We continue to talk to the city of Bridgeport. At one time, we were interested in potentially acquiring the airport, but our due diligence got us to back away from that because of the costs involved in potential environmental cleanup related to the transfer act. But we are still talking about the potential of an operating agreement, meaning the CAA would operate the airport on behalf of the city of Bridgeport.
While we’re looking back at the first 10 years of the CAA, what is the agency going to be doing for the next 10 years? What do you have anything on your upcoming agenda that you're able to preview?

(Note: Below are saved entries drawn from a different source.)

(* Let $n\ge1$. (a) If $\alpha$ is an honourable subset of $\coprod_{k=0}^n\mathrm{Sur}([n],[k])$, then $\sum_{k=0}^n k|\alpha_k|\ge n$. (b) Conversely, let $(a_0,\dots,a_n)\in\mathbb{N}_0^{n+1}$ with $a_k\le\binom nk$ for all $k$. If $\sum_{k=0}^n k a_k\ge n$, then there is an honourable subset $\alpha$ of $\coprod_{k=0}^n\mathrm{Sur}([n],[k])$ with $|\alpha_k|=a_k$ for every $k\in\{0,\dots,n\}$.
   Context: $[n]=\{0<\dots<n\}$; $\mathrm{Sur}([n],[k])$ is the set of surjective order-preserving maps $[n]\to[k]$. For $\mu\in\mathrm{Sur}([n],[k])$ let $\mu^\triangle:=\{\max\mu^{-1}(0),\dots,\max\mu^{-1}(k-1)\}\subseteq\{0,\dots,n-1\}$ (a set of cardinality $k$; $\mu\mapsto\mu^\triangle$ is a bijection from $\coprod_{k}\mathrm{Sur}([n],[k])$ onto the power set of $\{0,\dots,n-1\}$). A subset $\alpha\subseteq\coprod_{k=0}^n\mathrm{Sur}([n],[k])$ is honourable if $\bigcup_{\mu\in\alpha}\mu^\triangle=\{0,1,\dots,n-1\}$; $\alpha_k:=\alpha\cap\mathrm{Sur}([n],[k])$. *)

From mathcomp Require Import all_boot.
Set Implicit Arguments. Unset Strict Implicit. Unset Printing Implicit Defensive.

(* [n] = {0,...,n} is encoded as 'I_n.+1.
   Sur n k = set of surjective order-preserving maps [n] -> [k]. *)
Definition Sur (n k : nat) : {set {ffun 'I_n.+1 -> 'I_k.+1}} :=
  [set f : {ffun 'I_n.+1 -> 'I_k.+1} | [forall i : 'I_n.+1, forall j : 'I_n.+1, (i <= j) ==> (f i <= f j)]
           && [forall y : 'I_k.+1, exists x : 'I_n.+1, f x == y]].

Definition tri (n k : nat) (mu : {ffun 'I_n.+1 -> 'I_k.+1}) : {set 'I_n.+1} :=
  [set i : 'I_n.+1 | [exists j : 'I_k.+1,
     [&& (j < k)%N, mu i == j &
         [forall i' : 'I_n.+1, (mu i' == j) ==> (i' <= i)]]]].

(* A subset alpha of the disjoint union coprod_{k=0}^n Sur([n],[k]) is
   encoded as the family of its components alpha_k, k : 'I_n.+1. *)
Definition in_coprod (n : nat) (alpha : forall k : 'I_n.+1, {set {ffun 'I_n.+1 -> 'I_k.+1}}) :=
  forall k : 'I_n.+1, alpha k \subset Sur n k.

Definition honourable (n : nat) (alpha : forall k : 'I_n.+1, {set {ffun 'I_n.+1 -> 'I_k.+1}}) :=
  \bigcup_(k < n.+1) \bigcup_(mu in alpha k) tri mu = [set i : 'I_n.+1 | (i < n)%N].
Lemma Pinv_le q q' : 0 < q -> q <= q' -> Pinv q <= Pinv q'.
Proof.
  intros Hq Hqq'. destruct (Pinv_spec q Hq) as [H0 HP].
  destruct (Pinv_spec q' ltac:(lra)) as [H0' HP'].
  apply P_le_inv; lra.
Qed.

Lemma Pinv_lt q x : 0 < q -> 0 < x -> q < P x -> Pinv q < x.
Proof.
  intros Hq Hx H. destruct (Pinv_spec q Hq) as [H0 HP].
  destruct (Rlt_or_le (Pinv q) x) as [|Hle]; auto.
  pose proof (P_le x (Pinv q) Hx Hle); lra.
Qed.

Lemma P_continuity_pt x : 0 < x -> continuity_pt P x.
Proof.
  intros Hx. apply continuity_pt_filterlim, (ex_derive_continuous P).
  exists (rho x); now apply P_der.
Qed.

Lemma Pinv_continuity_pt q : 0 < q -> continuity_pt Pinv q.
Proof.
  intros Hq. pose proof (Pinv_pos q Hq) as Hx.
  assert (Hlb : 0 < P (Pinv q / 2)) by (apply P_pos; lra).
  apply (Ranalysis5.continuity_pt_recip_interv P Pinv (Pinv q / 2) (2 * Pinv q)).
  - lra.
  - intros x y Hx' Hxy _; apply P_lt; lra.
  - intros y Hy _; unfold comp, id; apply P_Pinv; lra.
  - intros y Hy Hy'; split; apply P_le_inv; rewrite ?P_Pinv; try lra;
      apply Pinv_pos; lra.
  - intros x Hx'; apply P_continuity_pt; lra.
  - rewrite <- (P_Pinv q Hq) at 2 3; split; apply P_lt; lra.
Qed.

Lemma is_derive_Pinv q : 0 < q -> is_derive Pinv q (/ rho (Pinv q)).
Proof.
  intros Hq.
  assert (Prf : forall x, Pinv (q / 2) <= x <= Pinv (2 * q) -> derivable_pt P x).
  { intros x Hx. exists (rho x). apply is_derive_Reals, P_der.
    pose proof (Pinv_pos (q / 2) ltac:(lra)); lra. }
  assert (Hmono : Pinv (q / 2) <= Pinv q <= Pinv (2 * q)) by (split; apply Pinv_le; lra).
  assert (Hd : derive_pt P (Pinv q) (Prf (Pinv q) Hmono) = rho (Pinv q))
    by apply derive_pt_eq_0, is_derive_Reals, P_der, Pinv_pos, Hq.
  apply is_derive_Reals.
  replace (/ rho (Pinv q)) with (1 / derive_pt P (Pinv q) (Prf (Pinv q) Hmono)).
  - apply Ranalysis5.derivable_pt_lim_recip_interv.
    + now apply Pinv_continuity_pt.
    + lra.
    + lra.
    + intros x Hx; unfold comp, id; apply P_Pinv; lra.
    + rewrite Hd; apply Rgt_not_eq, rho_pos, Pinv_pos, Hq.
  - rewrite Hd; field; apply Rgt_not_eq, rho_pos, Pinv_pos, Hq.
Qed.

Lemma continuous_inv_rho_Pinv q : 0 < q -> continuous (fun q => / rho (Pinv q)) q.
Proof.
  intros Hq. apply continuous_Rinv_comp.
  - apply (continuous_comp Pinv rho).
    + now apply continuity_pt_filterlim, Pinv_continuity_pt.
    + now apply rho_cont, Pinv_pos.
  - now apply Rgt_not_eq, rho_pos, Pinv_pos.
Qed.

Lemma is_RInt_inv_rho_Pinv a b : 0 < a -> 0 < b ->
  is_RInt (fun q => / rho (Pinv q)) a b (Pinv b - Pinv a).
Proof.
  intros Ha Hb.
  assert (Hab : forall q, Rmin a b <= q <= Rmax a b -> 0 < q).
  { intros q Hq. pose proof (Rmin_glb_lt a b 0 Ha Hb); lra. }
  apply (is_RInt_derive Pinv); intros q Hq.
  - now apply is_derive_Pinv, Hab.
  - now apply continuous_inv_rho_Pinv, Hab.
Qed.
(* Suppose $k^2$ is not real. Let $u \in C^2(\mathcal{X}, F^i)$ and $f \in C^2(\mathcal{X}, F^{i+1})$ satisfy $M^i(u, f) = 0$ in $\mathcal{X}$. Either of the conditions $t(u) = 0$ and $n(f) = 0$ on $\partial\mathcal{X}$ implies $(u, f) \equiv 0$ in all of $\mathcal{X}$.
   Context: $\mathcal{X}$ is a compact manifold with boundary (with smooth positive volume form), carrying an elliptic complex of first order differential operators $A^i: C^\infty(\mathcal{X},F^i)\to C^\infty(\mathcal{X},F^{i+1})$, $A^{i+1}A^i=0$, between Hermitian vector bundles, with formal adjoints $A^{i*}$. The Maxwell operator at step $i$ is $M^i = \begin{pmatrix} \imath k & A^{i*} \\ A^i & -\imath k \end{pmatrix}$ with $k$ a complex number. $t(u)$ denotes the tangential part of $u$ and $n(f)$ the normal part of $f$ on $\partial\mathcal{X}$ relative to the complex (so that Green's formula $(Au,g)=(u,A^*g)$ holds when $t(u)=0$ or $n(g)=0$). *)

From HB Require Import structures.
From mathcomp Require Import all_boot all_order all_algebra.
Set Implicit Arguments. Unset Strict Implicit. Unset Printing Implicit Defensive.
Import Order.TTheory GRing.Theory Num.Theory.
Local Open Scope ring_scope.

Definition hermitian_inner (C : numClosedFieldType) (V : lmodType C)
  (h : V -> V -> C) : Prop :=
  [/\ forall (a : C) (u v w : V), h (a *: u + v) w = a * h u w + h v w,
      forall u v : V, h u v = (h v u)^*
    & forall u : V, u != 0 -> 0 < h u u].

Definition maxwell (C : numClosedFieldType) (V0 V1 : lmodType C)
  (A : V0 -> V1) (As : V1 -> V0) (k : C) (u : V0) (f : V1) : V0 * V1 :=
  (('i * k) *: u + As f, A u - ('i * k) *: f).

(* Green's formula applied to a solution of the Maxwell system gives the
   energy identity  k (f, f) = conj(k) (u, u).  Multiplying by k yields
   k^2 (f, f) = |k|^2 (u, u), so if f were nonzero, k^2 would be a quotient of
   reals; hence f = 0, and then  -i k u = A^* f = 0  forces u = 0. *)
From HB Require Import structures.
From mathcomp Require Import all_boot all_order all_algebra.
Import Order.TTheory GRing.Theory Num.Theory.
Set Implicit Arguments. Unset Strict Implicit. Unset Printing Implicit Defensive.
Local Open Scope ring_scope.

Section HermitianInner.

Variables (C : numClosedFieldType) (V : lmodType C) (h : V -> V -> C).
Hypothesis hH : hermitian_inner h.

Lemma herm0l (w : V) : h 0 w = 0.
Proof.
case: hH => lin _ _; have := lin 1 0 0 w.
rewrite scale1r addr0 mul1r => E.
by apply: (@addrI _ (h 0 w)); rewrite addr0 -E.
Qed.

Lemma hermZl (a : C) (u w : V) : h (a *: u) w = a * h u w.
Proof.
case: hH => lin _ _.
by have := lin a u 0 w; rewrite addr0 herm0l addr0.
Qed.

Lemma hermZr (a : C) (u w : V) : h u (a *: w) = a^* * h u w.
Proof.
case: hH => _ sym _.
by rewrite sym hermZl rmorphM /= -sym.
Qed.

Lemma herm_self_real (u : V) : h u u \is Num.real.
Proof. by case: hH => _ sym _; apply/CrealP; rewrite -sym. Qed.

Lemma herm_self_gt0 (u : V) : u != 0 -> 0 < h u u.
Proof. by case: hH => _ _; apply. Qed.

End HermitianInner.

Lemma sqr_real_of_mul_conj_eq (C : numClosedFieldType) (k a b : C) :
  0 < a -> b \is Num.real -> k * a = k^* * b -> k ^+ 2 \is Num.real.
Proof.
move=> a_gt0 b_real kab.
have -> : k ^+ 2 = `|k| ^+ 2 * b / a.
  by rewrite normCK -(mulrA k) -kab mulrA mulfK ?gt_eqF // expr2.
apply: rpredM; last by rewrite rpredV gtr0_real.
by apply: rpredM => //; apply: rpredX; exact: normr_real.
Qed.

Section Maxwell.

Variables (C : numClosedFieldType) (V0 V1 : lmodType C).
Variables (A : {linear V0 -> V1}) (As : {linear V1 -> V0}) (k : C).

Lemma maxwell_eq0 (u : V0) (f : V1) :
  maxwell A As k u f = (0, 0) ->
  As f = - ('i * k) *: u /\ A u = ('i * k) *: f.
Proof.
case=> /eqP e1 /eqP e2; split; apply/eqP.
  by rewrite scaleNr -addr_eq0 addrC.
by rewrite -subr_eq0.
Qed.

Lemma maxwell_energy (h0 : V0 -> V0 -> C) (h1 : V1 -> V1 -> C)
  (u : V0) (f : V1) :
  hermitian_inner h0 -> hermitian_inner h1 ->
  maxwell A As k u f = (0, 0) -> h1 (A u) f = h0 u (As f) ->
  k * h1 f f = k^* * h0 u u.
Proof.
move=> h0H h1H /maxwell_eq0[-> ->].
rewrite hermZl // hermZr // rmorphN rmorphM /= conjCi => G.
apply: (mulfI (neq0Ci C)).
by rewrite mulrA G !mulNr opprK mulrA.
Qed.

End Maxwell.

Theorem lemma3p1 (C : numClosedFieldType) (V0 V1 B0 B1 : lmodType C)
  (h0 : V0 -> V0 -> C) (h1 : V1 -> V1 -> C)
  (C2_0 : V0 -> Prop) (C2_1 : V1 -> Prop)
  (A : {linear V0 -> V1}) (As : {linear V1 -> V0})
  (t : {linear V0 -> B0}) (n : {linear V1 -> B1})
  (h0H : hermitian_inner h0) (h1H : hermitian_inner h1)
  (green : forall (u : V0) (g : V1), C2_0 u -> C2_1 g ->
      (t u = 0 \/ n g = 0) -> h1 (A u) g = h0 u (As g))
  (k : C) (hk : k ^+ 2 \notin Num.real)
  (u : V0) (f : V1) (hu : C2_0 u) (hf : C2_1 f)
  (hM : maxwell A As k u f = (0, 0))
  (hbd : t u = 0 \/ n f = 0) :
  u = 0 /\ f = 0.
Proof.
have energy := maxwell_energy h0H h1H hM (green u f hu hf hbd).
have k_neq0 : k != 0 by apply: contra hk => /eqP ->; rewrite expr0n rpred0.
have f0 : f = 0.
  apply/eqP; apply: contraT => /(herm_self_gt0 h1H) a_gt0.
  by rewrite (sqr_real_of_mul_conj_eq a_gt0 (herm_self_real h0H u) energy) in hk.
split=> //; have [+ _] := maxwell_eq0 hM.
rewrite f0 linear0 => /esym/eqP.
by rewrite scaler_eq0 oppr_eq0 mulf_eq0 (negPf (neq0Ci C)) (negPf k_neq0) => /eqP.
Qed.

We're going to continue to invest into the infrastructure at Bradley Airport and we're constantly looking to improve our service. Everything we do there — whether it's updating our restaurants or bringing an actual new concession — is always done with an eye towards how is this going to benefit the passenger experience at Bradley.
One of the specific things we really want to work on over the next couple of years is enhancing our international network out of Bradley. We're also going to be working to enhance our long-haul domestic route network, and a primary focus there is to get service into Seattle. But that doesn't mean we're not going to focus on what I'll call the medium haul destinations — to add cities like Austin or Milwaukee. That would do quite a bit to our route network.
The cornerstone of any airport is how healthy is your airline system. Because the more routes you add, the more seats you add — and the more seats you add, the more passengers you can accommodate the more passengers you accommodate and. And that's what allows us to continue to invest into the aviation system here in Connecticut, if we can continue to develop that revenue stream.